The undirected repetition threshold and undirected pattern avoidance

TL;DR

This paper investigates the undirected repetition threshold for words over finite alphabets, establishing exact values for small cases, providing bounds for larger cases, and exploring pattern avoidance, including the undirected avoidability index of binary patterns.

Contribution

It determines the undirected repetition threshold for 3 letters, establishes a lower bound for larger alphabets, conjectures an exact value for all larger cases, and analyzes pattern avoidance including the avoidability index.

Findings

URT(3)=7/4

URT(k)≥(k-1)/(k-2) for k≥4

Confirmed the conjecture URT(k)=(k-1)/(k-2) for 4≤k≤21

Abstract

For a rational number $r$ such that $1<r\leq 2$, an undirected $r$-power is a word of the form $xyx'$, where the word $x$ is nonempty, the word $x'$ is in $\{x,x^R\}$, and we have $|xyx'|/|xy|=r$. The undirected repetition threshold for $k$ letters, denoted $\mbox{URT}(k)$, is the infimum of the set of all $r$ such that undirected $r$-powers are avoidable on $k$ letters.
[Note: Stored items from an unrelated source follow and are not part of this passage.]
(* Let $V$ and $W$ be real inner product spaces of dimension $2$ and $3$ respectively, let $A:[0,1]\to\mathrm{Hom}(W,W)$ be a smooth path of positive self-adjoint operators and let $T:[0,1]\to\mathrm{Hom}(V,W)$ be a smooth path with $\ddot T(s)=A(s)\circ T(s)$. Then $u(s):=\|T(s)\|_1$ is convex on $[0,1]$. Moreover, if $T(s)$ has rank $2$ and $A(s)\circ T(s)\neq0$, then $\ddot u(s)>0$.
   Context: For $L\in\mathrm{Hom}(V,W)$, $\|L\|_1=\operatorname{tr}\sqrt{L^TL}$ ($1$-Schatten norm), with $L^T$ the adjoint. *)

(* V = R^2, W = R^3 with the standard inner product;
   Hom(V,W) = 3x2 real matrices, adjoint = transpose. *)
From HB Require Import structures.
From mathcomp Require Import all_boot all_order all_algebra.
From mathcomp Require Import all_classical all_reals all_analysis.
Set Implicit Arguments. Unset Strict Implicit. Unset Printing Implicit Defensive.
Import Order.TTheory GRing.Theory Num.Theory.
Local Open Scope ring_scope.
Local Open Scope classical_set_scope.

Definition psd_mx (R : realType) (n : nat) (S : 'M[R]_n) : Prop :=
  S^T = S /\ forall v : 'cV[R]_n, 0 <= (v^T *m S *m v) 0 0.

Definition sqrt_mx (R : realType) (n : nat) (M : 'M[R]_n) : 'M[R]_n :=
  xget 0 [set S : 'M[R]_n | psd_mx S /\ S *m S = M].

Definition schatten1 (R : realType) (m n : nat) (L : 'M[R]_(m, n)) : R :=
  \tr (sqrt_mx (L^T *m L)).

Definition smooth_fun (R : realType) (f : R -> R) : Prop :=
  forall (k : nat) (x : R), derivable (iter k (@derive1 R R) f) x 1.

Definition convex_on (R : realType) (a b : R) (u : R -> R) : Prop :=
  forall x y t : R, a <= x <= b -> a <= y <= b -> 0 <= t <= 1 ->
    u ((1 - t) * x + t * y) <= (1 - t) * u x + t * u y.

(* For a 3 x 2 matrix L with Gram matrix G = L^T L one has
   ||L||_1 = tr sqrt(G) = sqrt(tr G + 2 sqrt(det G)) >= <P, L> = tr (P^T L) for every
   P with orthonormal columns (by Bessel's inequality and Binet-Cauchy), with equality
   for the polar factor P = L G^(-1/2) when det G > 0.  Freezing this P at time t,
   s |-> <P, T s> is a smooth minorant of u touching it at t, hence
   u''(t) >= <P, T''(t)> = tr (G^(-1/2) T^T A T) >= 0, strictly when A T <> 0.
   Where det G = 0, u touches from above the Frobenius norm ||T||_2 = sqrt(tr G),
   which is locally convex by the same argument with P = T / ||T||_2.  So u has a
   supporting line at every interior point, and being continuous it is convex. *)

From HB Require Import structures.
From mathcomp Require Import all_boot all_order all_algebra.
From mathcomp Require Import all_classical all_reals all_analysis.
From mathcomp Require Import ring lra.
Import Order.TTheory GRing.Theory Num.Theory.
Import numFieldNormedType.Exports.
Local Open Scope ring_scope.
Local Open Scope classical_set_scope.

Set Implicit Arguments.
Unset Strict Implicit.
Unset Printing Implicit Defensive.

Section SecondDerivative.
Context {R : realType}.
Implicit Types (f g h k : R -> R) (a b c t x : R).

Lemma is_derive1_derive1 f x : derivable f x 1 -> is_derive x 1 f (derive1 f x).
Proof. by rewrite derive1E; exact: derivableP. Qed.

(* Pointwise forms of the library rules, which are stated with the function-ring
   operations f + g, f - g and f * g. *)
Lemma is_derive1D f g x a b : is_derive x 1 f a -> is_derive x 1 g b ->
  is_derive x 1 (fun y => f y + g y) (a + b).
Proof. by move=> fa gb; have := is_deriveD fa gb; rewrite -[f + g]/(fun y => f y + g y). Qed.

Lemma is_derive1B f g x a b : is_derive x 1 f a -> is_derive x 1 g b ->
  is_derive x 1 (fun y => f y - g y) (a - b).
Proof. by move=> fa gb; have := is_deriveB fa gb; rewrite -[f - g]/(fun y => f y - g y). Qed.

Lemma is_derive1M f g x a b : is_derive x 1 f a -> is_derive x 1 g b ->
  is_derive x 1 (fun y => f y * g y) (a * g x + f x * b).
Proof.
move=> fa gb; have := is_deriveM fa gb; rewrite -[f * g]/(fun y => f y * g y).
by rewrite addrC [a * _]mulrC.
Qed.

Lemma is_derive1_sqrt_comp f x a : 0 < f x -> is_derive x 1 f a ->
  is_derive x 1 (fun y => Num.sqrt (f y)) ((2 * Num.sqrt (f x))^-1 * a).
Proof. by move=> fx0 fa; exact: (is_derive1_comp (is_derive1_sqrt fx0) fa). Qed.

Definition derivable2 f t :=
  (\forall x \near t, derivable f x 1) /\ derivable (derive1 f) t 1.

Lemma derivable2_near_derive h k t d :
  (\forall x \near t, is_derive (x : R) 1 h (k x)) -> is_derive t 1 k d ->
  derivable2 h t /\ derive1 (derive1 h) t = d.
Proof.
move=> hk [dk kd]; have kE : {near t, k =1 derive1 h}.
  by apply: filterS hk => x hx; rewrite derive1E derive_val.
split; first split.
- by apply: filterS hk => x [].
- exact: near_eq_derivable kE dk.
- by rewrite derive1E -kd; apply: near_eq_derive; apply: filterS kE.
Qed.

Lemma derivable2_continuous f t : derivable2 f t -> {for t, continuous f}.
Proof. by case=> /nbhs_singleton /derivable1_diffP /differentiable_continuous. Qed.

Lemma smooth_derivable2 f : smooth_fun f -> forall t, derivable2 f t.
Proof.
by move=> sf t; split; [apply: filterE => x; exact: (sf 0%N) | exact: (sf 1%N)].
Qed.

Lemma derivable2_cst c t : derivable2 (fun=> c) t.
Proof.
have dc : \forall x \near t, is_derive (x : R) 1 (fun=> c) ((fun=> 0) x).
  by apply: filterE => x; exact: is_derive_cst.
exact: (derivable2_near_derive dc (is_derive_cst _ _ _)).1.
Qed.

Lemma derivable2D f g t : derivable2 f t -> derivable2 g t ->
  derivable2 (fun x => f x + g x) t.
Proof.
move=> [df d2f] [dg d2g].
have d2fg := is_derive1D (is_derive1_derive1 d2f) (is_derive1_derive1 d2g).
have dfg : \forall x \near t, is_derive (x : R) 1 (fun x => f x + g x) (derive1 f x + derive1 g x).
  apply: filterS2 df dg => x dfx dgx.
  exact: is_derive1D (is_derive1_derive1 dfx) (is_derive1_derive1 dgx).
exact: (derivable2_near_derive dfg d2fg).1.
Qed.

Lemma derive2B f g t : derivable2 f t -> derivable2 g t ->
  derivable2 (fun x => f x - g x) t /\
  derive1 (derive1 (fun x => f x - g x)) t = derive1 (derive1 f) t - derive1 (derive1 g) t.
Proof.
move=> [df d2f] [dg d2g].
have d2fg := is_derive1B (is_derive1_derive1 d2f) (is_derive1_derive1 d2g).
have dfg : \forall x \near t, is_derive (x : R) 1 (fun x => f x - g x) (derive1 f x - derive1 g x).
  apply: filterS2 df dg => x dfx dgx.
  exact: is_derive1B (is_derive1_derive1 dfx) (is_derive1_derive1 dgx).
exact: derivable2_near_derive dfg d2fg.
Qed.

Lemma derivable2M f g t : derivable2 f t -> derivable2 g t ->
  derivable2 (fun x => f x * g x) t.
Proof.
move=> [df d2f] [dg d2g].
have dft := is_derive1_derive1 (nbhs_singleton df).
have dgt := is_derive1_derive1 (nbhs_singleton dg).
have dfg : \forall x \near t, is_derive (x : R) 1 (fun x => f x * g x)
    (derive1 f x * g x + f x * derive1 g x).
  apply: filterS2 df dg => x dfx dgx.
  exact: is_derive1M (is_derive1_derive1 dfx) (is_derive1_derive1 dgx).
have d2fg := is_derive1D (is_derive1M (is_derive1_derive1 d2f) dgt)
                         (is_derive1M dft (is_derive1_derive1 d2g)).
exact: (derivable2_near_derive dfg d2fg).1.
Qed.

Lemma derivable2_sum n (F : 'I_n -> R -> R) t : (forall i, derivable2 (F i) t) ->
  derivable2 (fun x => \sum_(i < n) F i x) t.
Proof.
elim: n F => [|n IHn] F dF.
  have -> : (fun x => \sum_(i < 0) F i x) = fun=> 0 by apply/funext => x; rewrite big_ord0.
  exact: derivable2_cst.
have -> : (fun x => \sum_(i < n.+1) F i x) =
    (fun x => \sum_(i < n) F (widen_ord (leqnSn n) i) x + F ord_max x).
  by apply/funext => x; rewrite big_ord_recr.
exact: derivable2D (IHn _ (fun i => dF _)) (dF _).
Qed.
We first demonstrate that $\mbox{URT}(3)=\tfrac{7}{4}$. Then we show that $\mbox{URT}(k)\geq \tfrac{k-1}{k-2}$ for all $k\geq 4$. We conjecture that $\mbox{URT}(k)=\tfrac{k-1}{k-2}$ for all $k\geq 4$, and we confirm this conjecture for $k\in\{4,5,\ldots,21\}.$ We then consider related problems in pattern avoidance; in particular, we find the undirected avoidability index of every binary pattern. This is an extended version of a paper presented at WORDS 2019, and it contains new and improved results.